North Carolina

UNC academic fraud case referenced by Notre Dame president criticizing NCAA

In this April 15, 2014, file photo, Notre Dame University President John Jenkins speaks in South Bend, Ind. The NCAA has denied Notre Dame's appeal of a decision to vacate 21 victories because of academic misconduct. In a letter to Notre Dame alumni, Jenkins criticized the decision. He called the ruling unfair, referencing the recent North Carolina case in which the NCAA did not punish the school after an investigation of athletes taking irregular courses. (AP Photo/Joe Raymond, File)
In this April 15, 2014, file photo, Notre Dame University President John Jenkins speaks in South Bend, Ind. The NCAA has denied Notre Dame's appeal of a decision to vacate 21 victories because of academic misconduct. In a letter to Notre Dame alumni, Jenkins criticized the decision.
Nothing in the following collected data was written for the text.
(* Consider a Pandora's box problem with sequential inspection. Let $(\mathcal{C},\mathcal{P},y)$ be any state in which stopping is not an optimal action, and suppose that a closed box $i\in\mathcal{C}$ satisfies $\sigma_i^F>\sigma_i^P$ and that $\sigma_i^F$ is the largest opening threshold in that state, i.e. $$\sigma_i^F=\max\Big\{\max_{j\in\mathcal{C}}\max\{\sigma_j^F,\sigma_j^P\},\ \max_{j\in\mathcal{P}}\sigma_j^{F\mid t_j}\Big\}.$$ Then there exists an optimal policy that F-opens box $i$ immediately.
   Context: Pandora's box problem with sequential inspection: there are $N$ independent boxes. Box $i$ has a type $T_i$ taking values in a finite set $\Gamma_i$ and a nonnegative prize $V_i$, with a known joint distribution of $(V_i,T_i)$; different boxes are independent. A closed box $i$ can be F-opened (fully opened) at cost $c_i^F$, which reveals $V_i$, or P-opened (partially opened) at cost $c_i^P$, which reveals only $T_i$; a partially opened box can later be F-opened at an additional cost $c_i^F$. At any time the decision maker may stop and collect the largest prize among the F-opened boxes (or the initial value $y$). The objective is to maximize the expected collected prize minus the total inspection costs. A state is $(\mathcal{C},\mathcal{P},y)$ where $\mathcal{C}$ is the set of closed boxes, $\mathcal{P}$ is the set of partially opened boxes together with their revealed types $t_j$, and $y$ is the largest prize found so far. Thresholds: $\sigma_i^F$ solves $\mathbb{E}[(V_i-\sigma)^+]=c_i^F$; $\sigma_i^{F\mid t}$ solves $\mathbb{E}[(V_i-\sigma)^+\mid T_i=t]=c_i^F$; $\sigma_i^P$ solves $\mathbb{E}\big[\max\{0,-c_i^F+\mathbb{E}[(V_i-\sigma)^+\mid T_i]\}\big]=c_i^P$. The opening thresholds of a state are $\sigma_j^F,\sigma_j^P$ for $j\in\mathcal{C}$ and $\sigma_j^{F\mid t_j}$ for $j\in\mathcal{P}$. *)

From HB Require Import structures.
From mathcomp Require Import all_boot all_order all_algebra.
From mathcomp Require Import all_classical all_reals all_analysis.
Unset Printing Implicit Defensive.
Import Order.TTheory GRing.Theory Num.Theory.
Local Open Scope ring_scope.
Local Open Scope classical_set_scope.

(* Status of a box in a state: closed (in C), partially opened with revealed
   type t (in P, with t_j = t), or already fully opened (then its prize has
   already been absorbed into y). *)
Inductive bstatus (G : Type) := Closed | Part of G | Done.
Arguments Closed {G}.
Arguments Part {G} _.
Arguments Done {G}.

Section Pandora.
Variables (R : realType) (N : nat) (Gam : 'I_N -> finType).

Definition state := forall j : 'I_N, bstatus (Gam j).

Definition upd (s : state) (j : 'I_N) (x : bstatus (Gam j)) : state :=
  fun k => match j =P k with
           | ReflectT e => eq_rect j (fun k => bstatus (Gam k)) x k e
           | ReflectF _ => s k
           end.

(* weight: 2 per closed box, 1 per partially opened box; every inspection
   strictly decreases it. *)
Definition weight (s : state) : nat :=
  \sum_(j < N) match s j with Closed => 2 | Part _ => 1 | Done => 0 end.

(* Model data:
   pT j t   = P(T_j = t),
   mu j t   = conditional law of V_j given T_j = t (a probability on R),
   cF j, cP j = F- and P-opening costs. *)
Variables (pT : forall j, Gam j -> R)
          (mu : forall j, Gam j -> probability R R)
          (cF cP : 'I_N -> R).

Definition condE (j : 'I_N) (t : Gam j) (g : R -> R) : R :=
  Rintegral (mu j t) setT g.

Fixpoint Vfuel (n : nat) (s : state) (y : R) {struct n} : R :=
  match n with
  | 0 => y
  | n'.+1 =>
    \big[Num.max/y]_(j < N)
      match s j with
      | Closed =>
          Num.max
            (- cF j + \sum_(t : Gam j) pT j t *
                        condE j t (fun v => Vfuel n' (upd s j Done) (Num.max y v)))
            (- cP j + \sum_(t : Gam j) pT j t * Vfuel n' (upd s j (Part t)) y)
      | Part t =>
          - cF j + condE j t (fun v => Vfuel n' (upd s j Done) (Num.max y v))
      | Done => y
      end
  end.

Definition Value (s : state) (y : R) : R := Vfuel (weight s) s y.

Definition QFopen (s : state) (y : R) (i : 'I_N) : R :=
  - cF i + \sum_(t : Gam i) pT i t *
             condE i t (fun v => Value (upd s i Done) (Num.max y v)).

Definition is_sigmaF (j : 'I_N) (sg : R) : Prop :=
  \sum_(t : Gam j) pT j t * condE j t (fun v => Num.max (v - sg) 0) = cF j.

Definition is_sigmaFt (j : 'I_N) (t : Gam j) (sg : R) : Prop :=
  condE j t (fun v => Num.max (v - sg) 0) = cF j.

Definition is_sigmaP (j : 'I_N) (sg : R) : Prop :=
  \sum_(t : Gam j) pT j t *
     Num.max 0 (- cF j + condE j t (fun v => Num.max (v - sg) 0)) = cP j.

End Pandora.

Arguments upd {N Gam} s j x.
Arguments weight {N Gam} s.
Arguments condE {R N Gam} mu j t g.
Arguments Vfuel {R N Gam} pT mu cF cP n s y.
Arguments Value {R N Gam} pT mu cF cP s y.
Arguments QFopen {R N Gam} pT mu cF cP s y i.
Arguments is_sigmaF {R N Gam} pT mu cF j sg.
Arguments is_sigmaFt {R N Gam} mu cF j t sg.
Arguments is_sigmaP {R N Gam} pT mu cF cP j sg.

(* Weitzman-style amortization.  Give every unopened box a cap: max(σ^F, σ^P)
   for a closed box, σ^{F|t} for a box partially opened with type t.  By
   induction on the remaining inspections, the value of a state is at most the
   value of receiving box i's prize, truncated at its cap, for free and then
   continuing optimally without box i.  Each inspection of box i itself is
   compared with this bound through the threshold equations; an inspection of
   another box j commutes with the free prize of box i (Fubini), which is where
   we use that value functions are nondecreasing and 1-Lipschitz in y.  Hence
   stopping is optimal once y exceeds every cap.  In the theorem the cap of box
   i is σ_i^F, and y < σ_i^F since stopping is not optimal; beyond σ_i^F the
   continuation value after F-opening box i is the prize itself, so the value
   of F-opening box i is the bound plus E[(V_i - σ_i^F)^+] - c_i^F = 0. *)

From HB Require Import structures.
From mathcomp Require Import all_boot all_order all_algebra.
From mathcomp Require Import all_classical all_reals all_analysis.
From mathcomp Require Import measurable_realfun.
From mathcomp Require Import lra zify.
Import Order.TTheory GRing.Theory Num.Theory.
Local Open Scope ring_scope.
Local Open Scope classical_set_scope.

Ltac case_minmax := repeat match goal with
 | |- context [@Order.max _ _ ?x ?y] =>
     let h := fresh "hm" in have [h|h] := leP x y; move: h
 | |- context [@Order.min _ _ ?x ?y] =>
     let h := fresh "hm" in have [h|h] := leP x y; move: h
 end; intros.

Section NondecreasingLipschitz.
Context {R : realType}.
Implicit Types (f g : R -> R) (a b c k y : R).

Definition nondecr_lip1 f := forall a b, b <= a -> f b <= f a <= f b + (a - b).

Lemma nondecr_lip1_homo f : nondecr_lip1 f -> {homo f : a b / a <= b}.
Proof. by move=> hf a b ab; case/andP: (hf _ _ ab). Qed.

Lemma nondecr_lip1_id : nondecr_lip1 id.
Proof. by move=> a b ab; apply/andP; split; lra. Qed.

Lemma nondecr_lip1_cst k : nondecr_lip1 (fun=> k).
Proof. by move=> a b ab; apply/andP; split; lra. Qed.

Lemma nondecr_lip1_comp {f g} :
  nondecr_lip1 f -> nondecr_lip1 g -> nondecr_lip1 (fun v => f (g v)).
Proof.
move=> hf hg a b ab; case/andP: (hg _ _ ab) => g1 g2.
by case/andP: (hf _ _ g1) => f1 f2; apply/andP; split => //=; lra.
Qed.

Lemma nondecr_lip1_maxl y : nondecr_lip1 (Num.max y).
Proof. by move=> a b ab; apply/andP; split; case_minmax; lra. Qed.

Lemma nondecr_lip1_maxr y : nondecr_lip1 (Num.max ^~ y).
Proof. by move=> a b ab; apply/andP; split; case_minmax; lra. Qed.

Lemma nondecr_lip1_minr c : nondecr_lip1 (Num.min ^~ c).
Proof. by move=> a b ab; apply/andP; split; case_minmax; lra. Qed.

Lemma nondecr_lip1_capped f y c :
  nondecr_lip1 f -> nondecr_lip1 (fun u => f (Num.max y (Num.min u c))).
Proof.
move=> hf.
exact: nondecr_lip1_comp hf (nondecr_lip1_comp (nondecr_lip1_maxl y) (nondecr_lip1_minr c)).
Qed.

Lemma nondecr_lip1_excess c : nondecr_lip1 (fun v => Num.max (v - c) 0).
Proof. by move=> a b ab; apply/andP; split; case_minmax; lra. Qed.

Lemma nondecr_lip1_addl f k : nondecr_lip1 f -> nondecr_lip1 (fun v => k + f v).
Proof. by move=> hf a b ab; case/andP: (hf _ _ ab) => f1 f2; apply/andP; split; lra. Qed.

Lemma nondecr_lip1_max f g :
  nondecr_lip1 f -> nondecr_lip1 g -> nondecr_lip1 (fun v => Num.max (f v) (g v)).
Proof.
move=> hf hg a b ab; case/andP: (hf _ _ ab) => f1 f2; case/andP: (hg _ _ ab) => g1 g2.
by apply/andP; split; case_minmax; lra.
Qed.

Lemma nondecr_lip1_convex (I : finType) (w : I -> R) (F : I -> R -> R) :
  (forall t, 0 <= w t) -> \sum_t w t = 1 -> (forall t, nondecr_lip1 (F t)) ->
  nondecr_lip1 (fun z => \sum_t w t * F t z).
Proof.
move=> w0 w1 hF a b ab; apply/andP; split.
  by apply: ler_sum => t _; apply: ler_wpM2l => //; case/andP: (hF t _ _ ab).
have <- : \sum_t w t * (F t b + (a - b)) = \sum_t w t * F t b + (a - b).
  by under eq_bigr do rewrite mulrDr; rewrite big_split /= -mulr_suml w1 mul1r.
by apply: ler_sum => t _; apply: ler_wpM2l => //; case/andP: (hF t _ _ ab).
Qed.

Lemma nondecr_lip1_bigmax (I : finType) (F : I -> R -> R) :
  (forall j, nondecr_lip1 (F j)) -> nondecr_lip1 (fun z => \big[Num.max/z]_j F j z).
Proof.
move=> hF a b ab.
pose K x x' := x <= x' <= x + (a - b).
apply: (big_ind2 K); rewrite /K.
- by apply/andP; split; lra.
- by move=> x1 x2 y1 y2 /andP[h1 h2] /andP[h3 h4]; apply/andP; split; case_minmax; lra.
- by move=> j _; exact: hF.
Qed.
He called the ruling unfair, referencing the recent North Carolina case in which the NCAA did not punish the school after an investigation of athletes taking irregular courses. (AP Photo/Joe Raymond, File) AP

Notre Dame’s president isn’t happy with the NCAA and referenced the UNC academic fraud case in criticizing a decision to deny the school’s appeal to restore 21 vacated football victories.

Notre Dame president Fr. John Jenkins, in a letter to alumni, said the ruling was unfair compared to the North Carolina case. The NCAA did not punish UNC after investigations of athletes taking no-show or low-work courses.

Jenkins did not name UNC directly.

In the letter he brought up a “recent high profile academic misconduct case in which the NCAA Committee on Infractions chair explained that even though certain classes ‘more likely than not’ were used to keep athletes eligible with fraudulent credits, the legitimacy of those classes was beyond the jurisdiction of the NCAA’s enforcement process precisely because that question must be left to the determination of the university in the exercise of its academic autonomy. The notion that a university’s exercise of academic autonomy can under NCAA rules lead to exoneration – or to a severe penalty – without regard to the way in which it is used defies logic and any notion of fundamental fairness.”

The NCAA denied the appeal, taking away 12 wins from the Fighting Irish’s 2012 trip to the national championship game.

Notre Dame only appealed the penalty that vacated victories, choosing to accept certain NCAA findings and acknowledge cheating of several football players and a student athletic trainer.

Jenkins said in retrospect Notre Dame could have taken steps to avoid penalties. He said if the school had expelled the students, developed a statute of limitations for past offenses or chosen not to punish the students, the NCAA wouldn’t have imposed penalties.

“The NCAA has not chosen to ignore academic autonomy; it has instead perverted it by divorcing it from its logical and necessary connection to the underlying educational purpose,” he said.